Après souper, les joueurs d'instruments vinrent et commencèrent à danser. Le roi anglais désirait bien voir le jeune roi de France; néanmoins, après avoir joyeusement passé le temps, il se retira, et ses gens furent charmés de l'honneur que la reine leur avait fait.

Lorsque le jeune roi revint, il commença à louer grandement la reine du bon traitement qu'elle leur avait fait; mais, quant à la reine, il lui était revenu le souvenir des paroles que le feu roi son mari avait dites quand il revint d'Espagne, et comme quoi il avait accepté pour son fils la fille du roi d'Espagne. Elle lui en parla donc. Il fut ému, et prenant sur-le-champ résolution de l'avoir pour femme, il dit: «Pour que le roi d'Angleterre ne sache pas notre dessein, qui est juste, et pour qu'il ne me prévienne pas, je le suivrai et changerai mon nom; et je ferai aussi aller une armée à moi par une autre route, lui donnant, sans qu'il y paraisse, des ordres et des nouvelles. Quand je serai par delà les monts, je verrai ce qu'il y aura à faire et le ferai. Et ainsi, ma mère, je vous prie de me donner votre avis, car je ne suis pas si arrêté en mon opinion que je ne veuille user de votre bon conseil.»

Quand la reine ouït si sagement parler son fils, elle en fut joyeuse, et aussi ceux du conseil le furent, et elle dit: «Mon fils, il me semble que vous avez sagement pris votre décision.
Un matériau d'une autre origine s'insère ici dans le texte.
(* The parallel curve g + r n has velocity (v - r k) e. *)
Lemma arc_flat_tangent_signs r ti tj :
  0 < r -> (forall t, a <= t <= b -> r * k t < v t) ->
  a <= ti -> ti < tj -> tj <= b -> th tj - th ti <= PI ->
  g1 ti ^ 2 + g2 ti ^ 2 = r ^ 2 -> g1 tj ^ 2 + g2 tj ^ 2 = r ^ 2 ->
  g1 ti * e1 ti + g2 ti * e2 ti < 0 < g1 tj * e1 tj + g2 tj * e2 tj.
Proof.
  intros Hr Hflat Ha Hij Hb HPI Ci Cj.
  assert (Hi : a <= ti <= b) by lra. assert (Hj : a <= tj <= b) by lra.
  destruct (arc_chord_between_normals (fun t => g1 t - r * e2 t) (fun t => g2 t + r * e1 t)
              (fun t => v t - r * k t) ti tj) as [HA HB]; try assumption.
  - intros t Ht. eapply is_derive_eq.
    + apply is_derive_Rminus; [apply (arc_dg1 A Ht) |]. apply is_derive_scal, (arc_de2 A Ht).
    + cbn. ring.
  - intros t Ht. eapply is_derive_eq.
    + apply is_derive_Rplus; [apply (arc_dg2 A Ht) |]. apply is_derive_scal, (arc_de1 A Ht).
    + cbn. ring.
  - intros t Ht. pose proof (Hflat t Ht). lra.
  - pose proof (arc_th_lt ti tj Ha Hij Hb).
    pose proof (arc_unit A Hi) as Ui. pose proof (arc_unit A Hj) as Uj.
    pose proof (sin2_cos2 (th tj - th ti)) as Hsc. unfold Rsqr in Hsc.
    destruct (arc_rotation ti tj Hi Hj) as [R1 R2].
    set (s := sin (th tj - th ti)) in *. set (c := cos (th tj - th ti)) in *.
    apply (flat_chord_tangent_signs r _ (g1 ti * - e2 ti + g2 ti * e1 ti)
             _ (g1 tj * - e2 tj + g2 tj * e1 tj) (th tj - th ti) Hr).
    + transitivity ((g1 ti ^ 2 + g2 ti ^ 2) * (e1 ti ^ 2 + e2 ti ^ 2));
        [ring | rewrite Ci, Ui; ring].
    + transitivity ((g1 tj ^ 2 + g2 tj ^ 2) * (e1 tj ^ 2 + e2 tj ^ 2));
        [ring | rewrite Cj, Uj; ring].
    + lra.
    + assert (E : (g1 tj - r * e2 tj - (g1 ti - r * e2 ti)) * - e2 tj
                  + (g2 tj + r * e1 tj - (g2 ti + r * e1 ti)) * e1 tj
                  - ((g1 tj * - e2 tj + g2 tj * e1 tj) + r + s * (g1 ti * e1 ti + g2 ti * e2 ti)
                     - c * ((g1 ti * - e2 ti + g2 ti * e1 ti) + r))
                  = r * ((s * s + c * c) * (e1 ti ^ 2 + e2 ti ^ 2) - 1)
                    - r * c * (e1 ti ^ 2 + e2 ti ^ 2 - 1))
        by (rewrite R1, R2; ring).
      rewrite Ui, Hsc in E. fold s c. lra.
    + assert (E : (g1 tj - r * e2 tj - (g1 ti - r * e2 ti)) * - e2 ti
                  + (g2 tj + r * e1 tj - (g2 ti + r * e1 ti)) * e1 ti
                  - (s * (g1 tj * e1 tj + g2 tj * e2 tj)
                     + c * ((g1 tj * - e2 tj + g2 tj * e1 tj) + r)
                     - ((g1 ti * - e2 ti + g2 ti * e1 ti) + r))
                  = (1 - (s * s + c * c)) * (- g1 tj * e2 ti + g2 tj * e1 ti)
                    + r * c * (e1 ti ^ 2 + e2 ti ^ 2 - 1) - r * (e1 ti ^ 2 + e2 ti ^ 2 - 1))
        by (rewrite R1, R2; ring).
      rewrite Ui, Hsc in E. fold s c. lra.
Qed.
Je veux pourtant que vous fassiez ce voyage en aussi haut rang que faire se pourra, car votre père en revint avec grand honneur et en triomphe.»

Pour abréger, les conseillers furent de même opinion, et, quand tout fut bien conclu, on ordonna que le roi ne verrait point le roi d'Angleterre, sinon secrètement et sans en être vu, afin qu'il ne fût pas connu de lui, et que les plus belles bagues, chaînes, colliers et autres choses nécessaires pour les cadeaux de noces, seraient portés en Espagne; qu'on en laisserait toutefois une partie pour aider l'Anglais à se fournir, et enfin que la reine retiendrait celui-ci sept ou huit jours en fêtes, jusqu'à ce que son fils fût prêt à partir.
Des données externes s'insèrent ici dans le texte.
Definition is_proj_Zi (pb : problem) (i : nat) (x u : vec) : Prop :=
  inZi pb i u /\ forall y, inZi pb i y ->
    vdot (ndim pb i) (vsub u x) (vsub u x) <= vdot (ndim pb i) (vsub y x) (vsub y x).
Definition proj_Zi (pb : problem) (i : nat) (x : vec) : vec :=
  epsilon (inhabits (fun _ : nat => 0)) (is_proj_Zi pb i x).

Definition block_fun (f : bvec -> R) (z : bvec) (i : nat) (u : vec) : R :=
  f (fun i' => if Nat.eqb i' i then u else z i').
Definition block_grad (f : bvec -> R) (z : bvec) (i : nat) : vec :=
  fun j => vpderiv (block_fun f z i) (z i) j.
Definition block_trial (pb : problem) (f : bvec -> R) (z : bvec) (i : nat) (c : R) : vec :=
  proj_Zi pb i (fun j => z i j - / c * block_grad f z i j).
Definition bt_accept (pb : problem) (f : bvec -> R) (alpha c : R) (z : bvec) (i : nat)
  : Prop :=
  let fi := block_fun f z i in
  let u := block_trial pb f z i c in
  let n := ndim pb i in
  fi u + alpha / 2 * vdot n (vsub u (z i)) (vsub u (z i))
  <= fi (z i) + vdot n (block_grad f z i) (vsub u (z i))
     + c / 2 * vdot n (vsub u (z i)) (vsub u (z i)).
Definition block_step (pb : problem) (f : bvec -> R) (alpha c0 : nat -> R) (beta : R)
  (i : nat) (z z' : bvec) : Prop :=
  exists e : nat,
    bt_accept pb f (alpha i) (c0 i * beta ^ e) z i /\
    (forall e', (e' < e)%nat -> ~ bt_accept pb f (alpha i) (c0 i * beta ^ e') z i) /\
    z' = (fun i' => if Nat.eqb i' i then block_trial pb f z i (c0 i * beta ^ e) else z i').
Definition sweep (pb : problem) (f : bvec -> R) (alpha c0 : nat -> R) (beta : R)
  (z z' : bvec) : Prop :=
  exists zs : nat -> bvec,
    zs 0%nat = z /\
    (forall i, (i < nP pb)%nat -> block_step pb f alpha c0 beta i (zs i) (zs (S i))) /\
    zs (nP pb) = z'.

(* ztraj k n = n-th sweep iterate on L_rho(., mubar_k, s_{k+1}) started at zbar_k *)
Definition tracking_iterates (pb : problem) (rho : R) (M : nat) (alpha c0 : nat -> R)
  (beta : R) (s : nat -> vec) (wbar : nat -> pdvec) (ztraj : nat -> nat -> bvec) : Prop :=
  forall k,
    ztraj k 0%nat = fst (wbar k) /\
    (forall n, sweep pb (fun z => Lag pb rho z (snd (wbar k)) (s (S k))) alpha c0 beta
                 (ztraj k n) (ztraj k (S n))) /\
    fst (wbar (S k)) = ztraj k M /\
    snd (wbar (S k)) = cadd (snd (wbar k)) (cscal rho (Gfun pb (fst (wbar (S k))) (s (S k)))).

Definition winf (pb : problem) (rho : R) (s : nat -> vec) (wbar : nat -> pdvec)
  (zinf : nat -> bvec) (k : nat) : pdvec :=
  (zinf k, cadd (snd (wbar k)) (cscal rho (Gfun pb (zinf k) (s (S k))))).
Definition dk (rho : R) (wbar wstar : nat -> pdvec) (k : nat) : cvec :=
  cscal (/ rho) (csub (snd (wbar k)) (snd (wstar k))).

Definition H_lipschitz (pb : problem) (rho lamH : R) : Prop :=
  0 < lamH /\
  forall mut w d d' s s',
    wnorm pb (wsub (Hmap pb rho mut w d s) (Hmap pb rho mut w d' s'))
    <= lamH * dsnorm pb (csub d d') (vsub s s').

Definition G_lipschitz (pb : problem) (lamG : R) : Prop :=
  0 < lamG /\
  forall s z z', inZ pb z -> inZ pb z' ->
    cnorm pb (csub (Gfun pb z s) (Gfun pb z' s)) <= lamG * znorm pb (bsub z z').

(* Hypothesis (A); wA k s plays the role of w^*(s) around w^*_k *)
Definition hypA (pb : problem) (s : nat -> vec) (wstar : nat -> pdvec)
  (rA dA lamA : R) (wA : nat -> vec -> pdvec) : Prop :=
  0 < rA /\ 0 < dA /\ 0 < lamA /\
  forall k,
    (forall s', snorm pb (vsub s' (s k)) < rA -> Sset pb s' ->
       wnorm pb (wsub (wA k s') (wstar k)) < dA /\ KKT pb (wA k s') s' /\
       (forall w, wnorm pb (wsub w (wstar k)) < dA -> KKT pb w s' -> weq pb w (wA k s'))) /\
    (forall s1 s2, snorm pb (vsub s1 (s k)) < rA -> Sset pb s1 ->
       snorm pb (vsub s2 (s k)) < rA -> Sset pb s2 ->
       wnorm pb (wsub (wA k s1) (wA k s2))
       <= lamA * wnorm pb (wsub (Fmap pb (wA k s2) s1) (Fmap pb (wA k s2) s2))) /\
    (snorm pb (vsub (s (S k)) (s k)) < rA -> weq pb (wstar (S k)) (wA k (s (S k)))).

(* Hypothesis (B); wB k d s plays the role of w^*_k(d,s) *)
Definition hypB (pb : problem) (rho : R) (s : nat -> vec) (wstar : nat -> pdvec)
  (dA rB qB lamB dB : R) (wB : nat -> cvec -> vec -> pdvec) : Prop :=
  0 < rB /\ 0 < qB /\ 0 < lamB /\ dA <= dB /\
  forall k,
    let H := Hmap pb rho (snd (wstar k)) in
    (forall d s', cnorm pb d < qB -> snorm pb (vsub s' (s k)) < rB -> Sset pb s' ->
       wnorm pb (wsub (wB k d s') (wstar k)) < dB /\
       zero_in_plus_N pb (H (wB k d s') d s') (wB k d s') /\
       (forall w, wnorm pb (wsub w (wstar k)) < dB -> zero_in_plus_N pb (H w d s') w ->
          weq pb w (wB k d s'))) /\
    (forall d1 s1 d2 s2,
       cnorm pb d1 < qB -> snorm pb (vsub s1 (s k)) < rB -> Sset pb s1 ->
       cnorm pb d2 < qB -> snorm pb (vsub s2 (s k)) < rB -> Sset pb s2 ->
       wnorm pb (wsub (wB k d1 s1) (wB k d2 s2))
       <= lamB * wnorm pb (wsub (H (wB k d2 s2) d1 s1) (H (wB k d2 s2) d2 s2))).

Definition hypC (pb : problem) (rho : R) (M : nat) (s : nat -> vec)
  (wstar wbar : nat -> pdvec) (ztraj : nat -> nat -> bvec) (zinf : nat -> bvec)
  (rB qB : R) (wB : nat -> cvec -> vec -> pdvec) (C delta psi : R) : Prop :=
  0 < C /\ 0 < delta /\ 0 < psi /\
  forall k,
    (forall eps, 0 < eps -> exists N, forall n, (N <= n)%nat ->
       znorm pb (bsub (ztraj k n) (zinf k)) < eps) /\
    (cnorm pb (dk rho wbar wstar k) < qB -> snorm pb (vsub (s (S k)) (s k)) < rB ->
       weq pb (winf pb rho s wbar zinf k) (wB k (dk rho wbar wstar k) (s (S k)))) /\
    (znorm pb (bsub (fst (wbar k)) (zinf k)) < delta ->
       znorm pb (bsub (fst (wbar (S k))) (zinf k))
       <= C * Rpower (INR M) (- psi) * znorm pb (bsub (fst (wbar k)) (zinf k))).

(* The regularised KKT system H = 0 has the solution map (d, s) |-> w*_k(d, s) of
   hypothesis (B), which passes through w*_k at (0, s_k) and through w^oo_k at
   (d_k, s_{k+1}); its Lipschitz bound, together with that of H, places w^oo_k within
   lamB lamH (|d_k| + |s_{k+1} - s_k|) of w*_k, where |d_k| <= |wbar_k - w*_k| / rho.
   Hence zbar_k starts inside the delta-ball of the sweep contraction (C), which
   shrinks the primal error by C M^-psi; the multiplier error is rho times a difference
   of constraint values and costs an extra factor rho lamG. *)
From Stdlib Require Import Reals Lra Lia List FunctionalExtensionality.
Open Scope R_scope.

Lemma sqrt_add_le (a b : R) : 0 <= a -> 0 <= b -> sqrt (a + b) <= sqrt a + sqrt b.
Proof.
  intros Ha Hb.
  pose proof (sqrt_sqrt a Ha); pose proof (sqrt_sqrt b Hb).
  pose proof (sqrt_pos a); pose proof (sqrt_pos b).
  rewrite <- (sqrt_square (sqrt a + sqrt b)) by lra.
  apply sqrt_le_1_alt; nra.
Qed.

Lemma quadratic_ge0_discriminant (a b c : R) :
  0 <= c -> (forall t, 0 <= a + 2 * t * b + t * t * c) -> b * b <= a * c.
Proof.
  intros Hc Hq.
  destruct Hc as [Hc|Hc].
  - specialize (Hq (- b / c)).
    assert (E : c * (a + 2 * (- b / c) * b + - b / c * (- b / c) * c) = a * c - b * b)
      by (field; lra).
    nra.
  - subst c. destruct (Req_dec b 0) as [->|Hb]; [nra|].
    specialize (Hq (- (a + 1) / (2 * b))).
    replace (a + 2 * (- (a + 1) / (2 * b)) * b + - (a + 1) / (2 * b) * (- (a + 1) / (2 * b)) * 0)
      with (-1) in Hq by (field; lra).
    lra.
Qed.

Section ListNorm.
Context {A : Type}.
Implicit Types (l : list A) (f g : A -> R).

Lemma lsum_app l1 l2 f : lsum (l1 ++ l2) f = lsum l1 f + lsum l2 f.
Proof. induction l1; simpl; [ring | rewrite IHl1; ring]. Qed.

Lemma lsum_ext_in l f g : (forall a, In a l -> f a = g a) -> lsum l f = lsum l g.
Proof. induction l; simpl; intros H; auto. rewrite H, IHl; auto. Qed.

Lemma lsum_ext l f g : (forall a, f a = g a) -> lsum l f = lsum l g.
Proof. intros; apply lsum_ext_in; auto. Qed.

Lemma lsum_add l f g : lsum l (fun a => f a + g a) = lsum l f + lsum l g.
Proof. induction l; simpl; [ring | rewrite IHl; ring]. Qed.

Lemma lsum_scal l c f : lsum l (fun a => c * f a) = c * lsum l f.
Proof. induction l; simpl; [ring | rewrite IHl; ring]. Qed.

Lemma lsum_ge0 l f : (forall a, 0 <= f a) -> 0 <= lsum l f.
Proof. induction l; simpl; intros H; [lra|]. pose proof (H a); pose proof (IHl H); lra. Qed.

Lemma lsum_sq_ge0 l f : 0 <= lsum l (fun a => f a * f a).
Proof. apply lsum_ge0; intros; nra. Qed.

Definition lnorm l f : R := sqrt (lsum l (fun a => f a * f a)).

Lemma lnorm_ge0 l f : 0 <= lnorm l f.
Proof. apply sqrt_pos. Qed.

Lemma lnorm_ext_in l f g : (forall a, In a l -> f a = g a) -> lnorm l f = lnorm l g.
Proof. intros H; unfold lnorm; f_equal; apply lsum_ext_in; intros a Ha; rewrite H; auto. Qed.

Lemma lnorm_ext l f g : (forall a, f a = g a) -> lnorm l f = lnorm l g.
Proof. intros; apply lnorm_ext_in; auto. Qed.

Lemma lnorm0 l f : (forall a, f a = 0) -> lnorm l f = 0.
Proof.
  intros H; unfold lnorm. rewrite <- sqrt_0. f_equal.
  induction l; simpl; [easy|]. rewrite IHl, H; ring.
Qed.

Lemma lnorm_scal l c f : lnorm l (fun a => c * f a) = Rabs c * lnorm l f.
Proof.
  unfold lnorm. rewrite (lsum_ext l _ (fun a => (c * c) * (f a * f a))) by (intros; ring).
  rewrite lsum_scal, sqrt_mult by (try apply lsum_sq_ge0; nra).
  now rewrite <- (sqrt_Rsqr_abs c).
Qed.

Lemma lsum_Cauchy_Schwarz l f g : lsum l (fun a => f a * g a) <= lnorm l f * lnorm l g.
Proof.
  set (b := lsum l (fun a => f a * g a)).
  assert (Hb2 : b * b <= lsum l (fun a => f a * f a) * lsum l (fun a => g a * g a)).
  { apply quadratic_ge0_discriminant; [apply lsum_sq_ge0|]; intros t.
    unfold b; rewrite <- !lsum_scal, <- !lsum_add.
    eapply Rle_trans; [apply (lsum_sq_ge0 l (fun a => f a + t * g a))|].
    right; apply lsum_ext; intros; ring. }
  unfold lnorm. rewrite <- sqrt_mult by apply lsum_sq_ge0.
  eapply Rle_trans; [apply Rle_abs|].
  rewrite <- sqrt_Rsqr_abs. apply sqrt_le_1_alt. exact Hb2.
Qed.

Lemma lnorm_add_le l f g : lnorm l (fun a => f a + g a) <= lnorm l f + lnorm l g.
Proof.
  pose proof (lsum_Cauchy_Schwarz l f g).
  pose proof (sqrt_sqrt _ (lsum_sq_ge0 l f)) as Ef.
  pose proof (sqrt_sqrt _ (lsum_sq_ge0 l g)) as Eg.
  fold (lnorm l f) in Ef; fold (lnorm l g) in Eg.
  pose proof (lnorm_ge0 l f); pose proof (lnorm_ge0 l g).
  unfold lnorm at 1.
  rewrite (lsum_ext l _ (fun a => f a * f a + (2 * (f a * g a) + g a * g a))) by (intros; ring).
  rewrite !lsum_add, lsum_scal.
  rewrite <- (sqrt_square (lnorm l f + lnorm l g)) by lra.
  apply sqrt_le_1_alt; nra.
Qed.

Lemma lnorm_sub_triangle l f g h :
  lnorm l (fun a => f a - h a) <= lnorm l (fun a => f a - g a) + lnorm l (fun a => g a - h a).
Proof.
  rewrite (lnorm_ext l _ (fun a => (f a - g a) + (g a - h a))) by (intros; ring).
  apply lnorm_add_le.
Qed.

Lemma lnorm_sub_sym l f g : lnorm l (fun a => f a - g a) = lnorm l (fun a => g a - f a).
Proof. unfold lnorm; f_equal; apply lsum_ext; intros; ring. Qed.

Lemma lnorm_app_le l1 l2 f : lnorm (l1 ++ l2) f <= lnorm l1 f + lnorm l2 f.
Proof. unfold lnorm; rewrite lsum_app; apply sqrt_add_le; apply lsum_sq_ge0. Qed.

Lemma lnorm_app_l l1 l2 f : lnorm l1 f <= lnorm (l1 ++ l2) f.
Proof. unfold lnorm; rewrite lsum_app. apply sqrt_le_1_alt. pose proof (lsum_sq_ge0 l2 f); lra. Qed.

Lemma lnorm_app_r l1 l2 f : lnorm l2 f <= lnorm (l1 ++ l2) f.
Proof. unfold lnorm; rewrite lsum_app. apply sqrt_le_1_alt. pose proof (lsum_sq_ge0 l1 f); lra. Qed.

End ListNorm.

Lemma lsum_map {A B} (h : A -> B) (l : list A) (f : B -> R) :
  lsum (map h l) f = lsum l (fun a => f (h a)).
Proof. induction l; simpl; congruence. Qed.

Lemma lnorm_map {A B} (h : A -> B) (l : list A) (f : B -> R) :
  lnorm (map h l) f = lnorm l (fun a => f (h a)).
Proof. unfold lnorm; now rewrite lsum_map. Qed.

(* The meaningful coordinates of constraint vectors and primal-dual points as index
   lists: cnorm and wnorm are lnorm over them. *)
Definition cidx (pb : problem) : list (nat + nat * nat) :=
  map inl (seq 0 (mdim pb)) ++ map inr (gvars pb).
Definition ccoord (x : cvec) (a : nat + nat * nat) : R :=
  match a with inl r => fst x r | inr v => snd x (fst v) (snd v) end.
Definition widx (pb : problem) : list (nat * nat + (nat + nat * nat)) :=
  map inl (zvars pb) ++ map inr (cidx pb).
Definition wcoord (x : pdvec) (a : nat * nat + (nat + nat * nat)) : R :=
  match a with inl v => fst x (fst v) (snd v) | inr b => ccoord (snd x) b end.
Le duc d'Orléans eut charge de faire préparer tout ce qui était nécessaire. On prit les plus honnêtes barons de la maison du roi, tous de son âge, et encore cent jeunes gens fort beaux, qui se firent tous habiller du mieux qu'ils purent. Et le roi retourna au bois de Vincennes, priant le duc d'Orléans de faire diligence, et qu'aussitôt que les barons et les pages seraient prêts, on les amenât au bois. Cependant les ducs d'Orléans et de Bourbon firent apprêter deux mille hommes des principaux du royaume et quatre mille archers, avec tous les ustensiles de cuisine et autres choses nécessaires, même plusieurs gardes pour conduire le grand nombre de chariots ou de bahuts qu'ils menaient, et dans lesquels étaient des draps d'or et de soie, avec d'autres richesses sans nombre; d'habiles tailleurs suivaient ces chariots. Durant ce temps, la reine entretint le roi anglais de son mieux, en attendant que son fils fût prêt.

Le roi d'Angleterre faisait, de son côté, chercher des draps de soie et d'or; mais il en trouva peu, et les plus beaux étaient pris. Néanmoins il ne s'aperçut de rien, à cause du soin qu'on eut de cacher les mouvements de l'entreprise du jeune roi de France.

XV

Comment les cent pages et les cent barons, tous montés et
habillés de même, arrivèrent devant le roi de France au bois
de Vincennes.

A la fin, les cent barons et les cent pages vinrent bien équipés et habillés. Ils étaient tous vêtus d'un velours brodé de fin or; leurs pourpoints étaient de satin cramoisi, magnifiques et bien en point; mais le roi était le plus beau de tous.